Question: The electric field in a certain region is acting radially outward and is given by\[E=Ar\]. A charge ...

Question

The electric field in a certain region is acting radially outward and is given by $E=Ar$ . A charge contained in a sphere of radius $'a'$ centred at the origin of the field, will be given by:
$A.4\pi {{\varepsilon }_{o}}A{{a}^{3}}$
$B.{{\varepsilon }_{o}}A{{a}^{3}}$
$C.4\pi {{\varepsilon }_{o}}A{{a}^{2}}$
$D.A{{\varepsilon }_{o}}{{a}^{2}}$

Answer 1

Solution

We have to use the concept of Gauss’ law to solve this problem. Gauss’s law states that the net electric flux through a closed surface is equal to $\dfrac{1}{{{\varepsilon }_{o}}}$ times the net charge enclosed within the surface in vacuum. Formula of electric flux will also be applied to get the required result.

Formula used:
We will use the following mentioned formulae to solve the given problem:-
$\phi =\dfrac{{{Q}_{in}}}{{{\varepsilon }_{o}}}$ and $E=Ar$ .
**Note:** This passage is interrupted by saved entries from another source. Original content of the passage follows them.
(* Let $N$ be an oriented subnetwork of $\Gamma(T)$. Let ${\bf t}_i,{\bf t}_{i'},{\bf t}_j,{\bf t}_{j'}\in T$ with ${\bf t}_{i'}=(a,c)$, ${\bf t}_i=(b,d)$, ${\bf t}_{j'}=(e,g)$, ${\bf t}_j=(f,h)$, where $a<b$, $c<d$, $e<f$, $g<h$, so that $R_{i,i'}=[a,b]\times[c,d]$ and $R_{j,j'}=[e,f]\times[g,h]$ both have positive slope. Assume the two rectangles form a crossing configuration in the sense that $[a,b]\subseteq[e,f]$ and $[g,h]\subseteq[c,d]$. Suppose $N$ contains directed Manhattan paths from ${\bf t}_i$ to ${\bf t}_{i'}$, from ${\bf t}_{i'}$ to ${\bf t}_i$, from ${\bf t}_j$ to ${\bf t}_{j'}$ and from ${\bf t}_{j'}$ to ${\bf t}_j$. Then $N$ contains directed Manhattan paths from ${\bf t}_i$ to ${\bf t}_{j'}$, from ${\bf t}_{j'}$ to ${\bf t}_i$, from ${\bf t}_j$ to ${\bf t}_{i'}$ and from ${\bf t}_{i'}$ to ${\bf t}_j$. (The mirror-image statement, obtained by reflecting the plane in a vertical line, holds for rectangles of negative slope.)
   Context: $T$ is a finite set of points (terminals) in the plane, no two on a common horizontal or vertical line. For points $p,q$, $R(p,q)$ is the smallest closed axis-parallel rectangle containing $p$ and $q$; for ${\bf t}_i,{\bf t}_j\in T$, $R_{i,j}=R({\bf t}_i,{\bf t}_j)$. $\Gamma(T)$ is the grid formed by the horizontal and vertical lines through the terminals, restricted to the bounding box of $T$: its vertices are the intersection points of these lines and its edges are the segments between consecutive vertices on a line. An oriented subnetwork of $\Gamma(T)$ is a set of edges of $\Gamma(T)$, each directed in exactly one sense. A directed Manhattan path from $p$ to $q$ is a directed path in the network whose length equals $|p^x-q^x|+|p^y-q^y|$. A rectangle $R_{i,j}$ has positive slope if $({\bf t}_i^x-{\bf t}_j^x)({\bf t}_i^y-{\bf t}_j^y)>0$ and negative slope otherwise. *)

From HB Require Import structures.
From mathcomp Require Import all_boot all_order all_algebra.
Set Implicit Arguments. Unset Strict Implicit. Unset Printing Implicit Defensive.
Import Order.TTheory GRing.Theory Num.Theory.
Local Open Scope ring_scope.

Section Grid.
Variable R : realFieldType.
Notation pt := (R * R)%type.

Definition general_position (T : seq pt) : Prop :=
  uniq T /\
  (forall p q, p \in T -> q \in T -> p != q -> p.1 != q.1 /\ p.2 != q.2).

Definition xs (T : seq pt) : seq R := [seq p.1 | p <- T].
Definition ys (T : seq pt) : seq R := [seq p.2 | p <- T].

Definition consec (s : seq R) (u v : R) : Prop :=
  u \in s /\ v \in s /\ u < v /\ (forall w, w \in s -> ~ (u < w /\ w < v)).

(* p, q are the endpoints of an (undirected) edge of the grid Gamma(T):
   a segment between consecutive grid vertices on a horizontal line or
   on a vertical line through terminals. *)
Definition grid_edge (T : seq pt) (p q : pt) : Prop :=
  (p.2 = q.2 /\ p.2 \in ys T /\ (consec (xs T) p.1 q.1 \/ consec (xs T) q.1 p.1))
  \/
  (p.1 = q.1 /\ p.1 \in xs T /\ (consec (ys T) p.2 q.2 \/ consec (ys T) q.2 p.2)).

(* An oriented subnetwork: a set of directed edges N (N p q = edge directed
   from p to q), each an edge of Gamma(T), each edge used in at most one sense. *)
Definition oriented_subnetwork (T : seq pt) (N : rel pt) : Prop :=
  (forall p q, N p q -> grid_edge T p q) /\
  (forall p q, N p q -> ~~ N q p).

(* L1 distance; equals Euclidean length for axis-parallel segments. *)
Definition l1 (p q : pt) : R := `|p.1 - q.1| + `|p.2 - q.2|.

Fixpoint path_length (p : pt) (s : seq pt) : R :=
  if s is q :: s' then l1 p q + path_length q s' else 0.

Definition dir_manhattan_path (N : rel pt) (p q : pt) : Prop :=
  exists s : seq pt, [/\ path N p s, last p s = q & path_length p s = l1 p q].

End Grid.

From HB Require Import structures.
From mathcomp Require Import all_boot all_order all_algebra.
From mathcomp Require Import lra.
Import Order.TTheory GRing.Theory Num.Theory.
Local Open Scope ring_scope.
Set Implicit Arguments. Unset Strict Implicit.

(* We work in a "frame": coordinate functions X, Y obtained from
   the usual ones by swapping them and/or negating both, so that l1 distances
   are still |dX| + |dY| and every coordinate is a grid coordinate of Gamma(T)
   (edges end on grid lines and never jump over one).  A directed Manhattan
   path whose end lies weakly below-left of its start is a "descent"; all its
   vertices lie in the box spanned by its endpoints.
   Crossing lemma: let descents start at grid vertices p and q, with p weakly
   up-left of q, and end in the opposite order.  Walk along both, always
   advancing the path that is strictly higher (resp. further left); since an
   edge cannot jump over the grid line of the other current vertex, the order
   is kept until the two walks meet at some z, and then p ~> z ~> (end of the
   second path) is a directed Manhattan path. *)

Section Distances.
Variable R : realFieldType.
Notation pt := (R * R)%type.

Lemma dist_additive (x y z : R) :
  z <= x -> `|x - z| = `|x - y| + `|y - z| <-> z <= y /\ y <= x.
Proof.
move=> zx; rewrite (ger0_norm (_ : 0 <= x - z)); last by rewrite subr_ge0.
case: (lerP 0 (x - y)) => [h1|h1]; rewrite ?(ger0_norm h1) ?(ltr0_norm h1);
case: (lerP 0 (y - z)) => [h2|h2]; rewrite ?(ger0_norm h2) ?(ltr0_norm h2);
by split; [lra|case; lra].
Qed.

Lemma l1_triangle (p q r : pt) : l1 p r <= l1 p q + l1 q r.
Proof.
rewrite /l1; have := ler_distD q.1 p.1 r.1; have := ler_distD q.2 p.2 r.2.
lra.
Qed.

Lemma l1_eq0 (p q : pt) : l1 p q = 0 -> p = q.
Proof.
case: p q => [p1 p2] [q1 q2]; rewrite /l1 /= => /eqP.
by rewrite paddr_eq0 // !normr_eq0 !subr_eq0 => /andP[/eqP-> /eqP->].
Qed.

Definition geodesic (p : pt) (s : seq pt) : Prop :=
  path_length p s = l1 p (last p s).

Lemma path_length_ge (p : pt) (s : seq pt) : l1 p (last p s) <= path_length p s.
Proof.
elim: s p => [|q s IH] p /=; first by rewrite /l1 !subrr normr0 addr0.
by apply: le_trans (l1_triangle p q _) _; rewrite lerD2l.
Qed.

Lemma path_length_cat (p : pt) (s1 s2 : seq pt) :
  path_length p (s1 ++ s2) = path_length p s1 + path_length (last p s1) s2.
Proof. by elim: s1 p => [|q s IH] p /=; rewrite ?add0r // IH addrA. Qed.

Lemma geodesic_behead (p q : pt) (s : seq pt) :
  geodesic p (q :: s) ->
  geodesic q s /\ l1 p (last q s) = l1 p q + l1 q (last q s).
Proof.
rewrite /geodesic /= => E.
have := path_length_ge q s; have := l1_triangle p q (last q s).
by split; lra.
Qed.

End Distances.

Section ManhattanPaths.
Variables (R : realFieldType) (N : rel (R * R)).

Lemma dmp_of_geodesic p s :
  path N p s -> geodesic p s -> dir_manhattan_path N p (last p s).
Proof. by move=> Ps Gs; exists s. Qed.

Lemma dmp_edge p q : N p q -> dir_manhattan_path N p q.
Proof. by move=> Npq; exists [:: q]; rewrite /= Npq addr0. Qed.

Lemma dmp_cat p z w :
  dir_manhattan_path N p z -> dir_manhattan_path N z w ->
  l1 p w = l1 p z + l1 z w -> dir_manhattan_path N p w.
Proof.
move=> [s1 [P1 L1 E1]] [s2 [P2 L2 E2]] E.
exists (s1 ++ s2); split; first by rewrite cat_path P1 L1 P2.
- by rewrite last_cat L1.
- by rewrite path_length_cat E1 L1 E2 E.
Qed.

End ManhattanPaths.

Section GridCoordinates.
Variables (R : realFieldType) (T : seq (R * R)).
Notation pt := (R * R)%type.

Definition strictly_between (x y z : R) : bool := (x < y < z) || (z < y < x).

Lemma strictly_between_opp x y z :
  strictly_between (- x) (- y) (- z) = strictly_between x y z.
Proof. by rewrite /strictly_between !ltrN2 [(y < x) && _]andbC [(y < z) && _]andbC orbC. Qed.

Definition on_grid (Z : pt -> R) (p : pt) : Prop := exists2 r, r \in T & Z r = Z p.

Definition gap_free (Z : pt -> R) (u v : pt) : Prop :=
  forall r, r \in T -> ~~ strictly_between (Z u) (Z r) (Z v).

Definition grid_coordinate (Z : pt -> R) : Prop :=
  forall u v, grid_edge T u v -> on_grid Z v /\ gap_free Z u v.

Definition axis_step (Z : pt -> R) (u v : pt) : Prop :=
  (Z u = Z v /\ Z u \in [seq Z r | r <- T]) \/
  consec [seq Z r | r <- T] (Z u) (Z v) \/ consec [seq Z r | r <- T] (Z v) (Z u).

Lemma grid_edge_axes u v :
  grid_edge T u v -> axis_step fst u v /\ axis_step snd u v.
Proof.
case=> [[e2 [m2 C]] | [e1 [m1 C]]]; split; rewrite /axis_step.
- by right.
- by left; rewrite e2 -e2.
- by left; rewrite e1 -e1.
- by right.
Qed.

Lemma consec_gap (s : seq R) x y w :
  consec s x y -> w \in s -> ~~ strictly_between x w y.
Proof.
move=> [_ [_ [xy noin]]] ws; apply/negP; rewrite /strictly_between.
case/orP=> /andP[h1 h2]; first exact: (noin w ws).
by move: (lt_trans xy (lt_trans h1 h2)); rewrite ltxx.
Qed.

Lemma axis_step_grid Z u v : axis_step Z u v -> on_grid Z v /\ gap_free Z u v.
Proof.
have on_map w : w \in [seq Z r | r <- T] -> exists2 r, r \in T & Z r = w.
  by case/mapP=> r rT ->; exists r.
case=> [[eZ /on_map onZ] | C]; split.
- by rewrite /on_grid -eZ.
- move=> r _; apply/negP; rewrite eZ /strictly_between orbb => /andP[h1 h2].
  by move: (lt_trans h1 h2); rewrite ltxx.
- by case: C => [[_ [/on_map]] | [/on_map]].
- move=> r rT; have rZ : Z r \in [seq Z r | r <- T] by apply: map_f.
  case: C => C; first exact: consec_gap C rZ.
  by rewrite /strictly_between orbC; apply: consec_gap C rZ.
Qed.

Lemma grid_coordinate_fst : grid_coordinate fst.
Proof. by move=> u v /grid_edge_axes [/axis_step_grid]. Qed.

Lemma grid_coordinate_snd : grid_coordinate snd.
Proof. by move=> u v /grid_edge_axes [_ /axis_step_grid]. Qed.

Lemma grid_coordinate_opp Z : grid_coordinate Z -> grid_coordinate (fun p => - Z p).
Proof.
move=> gZ u v /gZ [[r rT Zr] gap]; split; first by exists r; rewrite ?Zr.
by move=> w wT; rewrite strictly_between_opp; apply: gap.
Qed.

End GridCoordinates.

Section Frames.
Variable R : realFieldType.
Notation pt := (R * R)%type.

Definition frame (X Y : pt -> R) : Prop :=
  forall u v, l1 u v = `|X u - X v| + `|Y u - Y v|.

Lemma frame_std : frame fst snd.
Proof. by []. Qed.

Lemma frame_swap X Y : frame X Y -> frame Y X.
Proof. by move=> F u v; rewrite F addrC. Qed.

Lemma frame_opp X Y : frame X Y -> frame (fun p => - X p) (fun p => - Y p).
Proof. by move=> F u v; rewrite F -!opprD !normrN. Qed.

End Frames.

Section Crossing.
Variables (R : realFieldType) (T : seq (R * R)) (N : rel (R * R)).
Variables (X Y : R * R -> R).
Hypothesis frameXY : frame X Y.
Hypotheses (gridX : grid_coordinate T X) (gridY : grid_coordinate T Y).
Hypothesis N_grid : forall u v, N u v -> grid_edge T u v.
Notation pt := (R * R)%type.

Definition below (q p : pt) : Prop := X q <= X p /\ Y q <= Y p.

Definition grid_vertex (p : pt) : Prop := on_grid T X p /\ on_grid T Y p.

Definition descent (p : pt) (s : seq pt) : Prop :=
  [/\ path N p s, geodesic p s, below (last p s) p & grid_vertex p].

Lemma frame_inj p q : X p = X q -> Y p = Y q -> p = q.
Proof. by move=> eX eY; apply: l1_eq0; rewrite frameXY eX eY !subrr normr0 addr0. Qed.

Lemma l1_box p q r :
  below r p -> l1 p r = l1 p q + l1 q r <-> below r q /\ below q p.
Proof.
move=> [Xrp Yrp]; rewrite !frameXY.
have := ler_distD (X q) (X p) (X r); have := ler_distD (Y q) (Y p) (Y r).
move: (dist_additive (X q) Xrp) (dist_additive (Y q) Yrp).
rewrite /below => [[DX DX'] [DY DY']] tY tX; split.
- move=> E; have [? ?] := DX (ltac:(lra)); have [? ?] := DY (ltac:(lra)).
  by split; split.
- move=> [[Xrq Yrq] [Xqp Yqp]].
  by rewrite (DX' (conj Xrq Xqp)) (DY' (conj Yrq Yqp)); lra.
Qed.

Lemma terminal_grid_vertex p : p \in T -> grid_vertex p.
Proof. by move=> pT; split; exists p. Qed.

Lemma edge_blocked Z u v w :
  grid_coordinate T Z -> N u v -> on_grid T Z w -> Z w < Z u -> Z w <= Z v.
Proof.
move=> gZ /N_grid /gZ [_ gap] [r rT <-] ru; rewrite leNgt.
by apply: contra (gap r rT) => vr; rewrite /strictly_between vr ru orbT.
Qed.

Lemma descent_cons p p' s :
  descent p (p' :: s) -> [/\ N p p', descent p' s & below p' p].
Proof.
move=> [/= /andP[Npp' Ps] Gs end_p gp].
have [Gs' /(l1_box _ end_p) [end_p' p'p]] := geodesic_behead Gs.
have [[onX _] [onY _]] := (gridX (N_grid Npp'), gridY (N_grid Npp')).
by split.
Qed.

Lemma crossing p s q t :
  descent p s -> descent q t ->
  X p <= X q -> Y q <= Y p ->
  X (last q t) <= X (last p s) -> Y (last p s) <= Y (last q t) ->
  dir_manhattan_path N p (last q t).
Proof.
have [n] := ubnP (size s + size t); elim: n => // n IH in p s q t *.
rewrite ltnS => size_st Ds Dt Xpq Yqp Xe Ye.
have [_ _ [Xep Yep] [gpX _]] := Ds; have [_ _ [Xeq Yeq] [_ gqY]] := Dt.
have [Yq_lt_p | Yp_le_q] := ltP (Y q) (Y p).
  (* p is strictly higher: advance the first walk to p', which stays weakly
     above the grid line of q; then prepend the edge p -> p'. *)
  case: s Ds size_st Xe Ye {Xep Yep} => [|p' s] Ds /= size_st Xe Ye; first lra.
  have [Npp' Ds' [Xp'p Yp'p]] := descent_cons Ds.
  have Yqp' : Y q <= Y p' := edge_blocked gridY Npp' gqY Yq_lt_p.
  have [_ _ [Xep' Yep'] _] := Ds'.
  have Xp'q : X p' <= X q by lra.
  have qe_p : below (last q t) p by split; lra.
  apply: dmp_cat (dmp_edge Npp') (IH p' s q t _ Ds' Dt Xp'q Yqp' Xe Ye) _.
    by rewrite -addSn.
  by apply/(l1_box _ qe_p); split; split; lra.
(* Now Y p = Y q.  If q is strictly to the right, advance the second walk to
   q', which stays weakly right of the grid line of p. *)
have [Xp_lt_q | Xq_le_p] := ltP (X p) (X q).
  case: t Dt size_st Xe Ye {Xeq Yeq gqY} => [|q' t] Dt /= size_st Xe Ye; first lra.
  have [Nqq' Dt' [Xq'q Yq'q]] := descent_cons Dt.
  have Xpq' : X p <= X q' := edge_blocked gridX Nqq' gpX Xp_lt_q.
  have Yq'p : Y q' <= Y p by lra.
  by apply: (IH p s q' t _ Ds Dt' Xpq' Yq'p Xe Ye); rewrite -addnS.
(* Otherwise the walks have met: p = q. *)
have -> : p = q by apply: frame_inj; lra.
by case: Dt => Pt Gt _ _; apply: dmp_of_geodesic.
Qed.

Lemma dmp_crossing p pe q qe :
  p \in T -> q \in T ->
  dir_manhattan_path N p pe -> dir_manhattan_path N q qe ->
  below pe p -> below qe q ->
  X p <= X q -> Y q <= Y p -> X qe <= X pe -> Y pe <= Y qe ->
  dir_manhattan_path N p qe.
Proof.
move=> pT qT [s [Ps <- Gs]] [t [Pt <- Gt]] pe_p qe_q.
by apply: crossing; split=> //; apply: terminal_grid_vertex.
Qed.

End Crossing.

Theorem lemma3p1 (R : realFieldType) (T : seq (R * R)) (N : rel (R * R))
    (a b c d e f g h : R) :
  general_position T ->
  oriented_subnetwork T N ->
  (a, c) \in T -> (b, d) \in T -> (e, g) \in T -> (f, h) \in T ->
  a < b -> c < d -> e < f -> g < h ->
  e <= a -> b <= f -> c <= g -> h <= d ->
  dir_manhattan_path N (b, d) (a, c) ->
  dir_manhattan_path N (a, c) (b, d) ->
  dir_manhattan_path N (f, h) (e, g) ->
  dir_manhattan_path N (e, g) (f, h) ->
  [/\ dir_manhattan_path N (b, d) (e, g),
      dir_manhattan_path N (e, g) (b, d),
      dir_manhattan_path N (f, h) (a, c)
    & dir_manhattan_path N (a, c) (f, h)].
Proof.
move=> _ [N_grid _] ac_T bd_T eg_T fh_T ab cd ef gh ea bf cg hd
  bd_ac ac_bd fh_eg eg_fh.
have gx := grid_coordinate_fst (T := T); have gy := grid_coordinate_snd (T := T).
have [gnx gny] := (grid_coordinate_opp gx, grid_coordinate_opp gy).
have std := frame_std (R := R).
split.
- (* frame (x, y): (b,d) ~> (a,c) crosses (f,h) ~> (e,g) *)
  apply: (dmp_crossing std gx gy N_grid bd_T fh_T bd_ac fh_eg);
  rewrite /below /=; do ?split; lra.
- (* frame (-y, -x): (e,g) ~> (f,h) crosses (a,c) ~> (b,d) *)
  apply: (dmp_crossing (frame_opp (frame_swap std)) gny gnx N_grid
    eg_T ac_T eg_fh ac_bd); rewrite /below /=; do ?split; lra.
- (* frame (y, x): (f,h) ~> (e,g) crosses (b,d) ~> (a,c) *)
  apply: (dmp_crossing (frame_swap std) gy gx N_grid fh_T bd_T fh_eg bd_ac);
  rewrite /below /=; do ?split; lra.
- (* frame (-x, -y): (a,c) ~> (b,d) crosses (e,g) ~> (f,h) *)
  apply: (dmp_crossing (frame_opp std) gnx gny N_grid ac_T eg_T ac_bd eg_fh);
  rewrite /below /=; do ?split; lra.
Qed.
Complete step-by-step answer:
From the question given above we have $E=Ar$ ……………. $(i)$
Where $A$ is constant and $r$ is the radial distance
Using Gauss’ law we have,
$\phi =\dfrac{{{Q}_{in}}}{{{\varepsilon }_{o}}}$ …………………. $(ii)$ Where $\phi$ denotes electric flux through the closed surface, ${{Q}_{in}}$ is charge enclosed in the surface and ${{\varepsilon }_{o}}$ is permittivity in free space(constant)
Charge is contained by the sphere of radius, $a$ .
$r=a$ …………… $(iii)$
We also know that $\varphi =EA$ ……………… $(iv)$
As electric flux is also defined as the dot product of electric field $(E)$ and area $(A)$
Putting $(iv)$ in $(ii)$ we get,
$EA=\dfrac{{{Q}_{in}}}{{{\varepsilon }_{o}}}$ ………………….. $(v)$
We know that $A=4\pi {{r}^{2}}$ for this case it can be written as
$A=4\pi {{a}^{2}}$ …………………….. $(vi)$
From $(i)$ and $(iii)$ we have,
$E=Aa$ ………………….. $(vii)$
Putting values of $(vi)$ and $(vii)$ in $(v)$ we get,
$Aa(4\pi {{a}^{2}})=\dfrac{{{Q}_{in}}}{{{\varepsilon }_{o}}}$
Therefore, ${{Q}_{in}}=4\pi {{\varepsilon }_{o}}A{{a}^{3}}$
Hence, option $(A)$ is the correct one among the given options.

So, the correct answer is “Option A”.

Note: In solving these problems correct use of Gauss’ law is required. Correct identification of geometry of the Gaussian surface is also a very important task. It should also be noted that if the flux emerging out of a Gaussian surface is zero then it is not necessary that the intensity of the electric field is also zero. We should also be very careful in ${{Q}_{in}}$ , it only represents the total charges inside the Gaussian surface. It does not include the charges outside the Gaussian surface.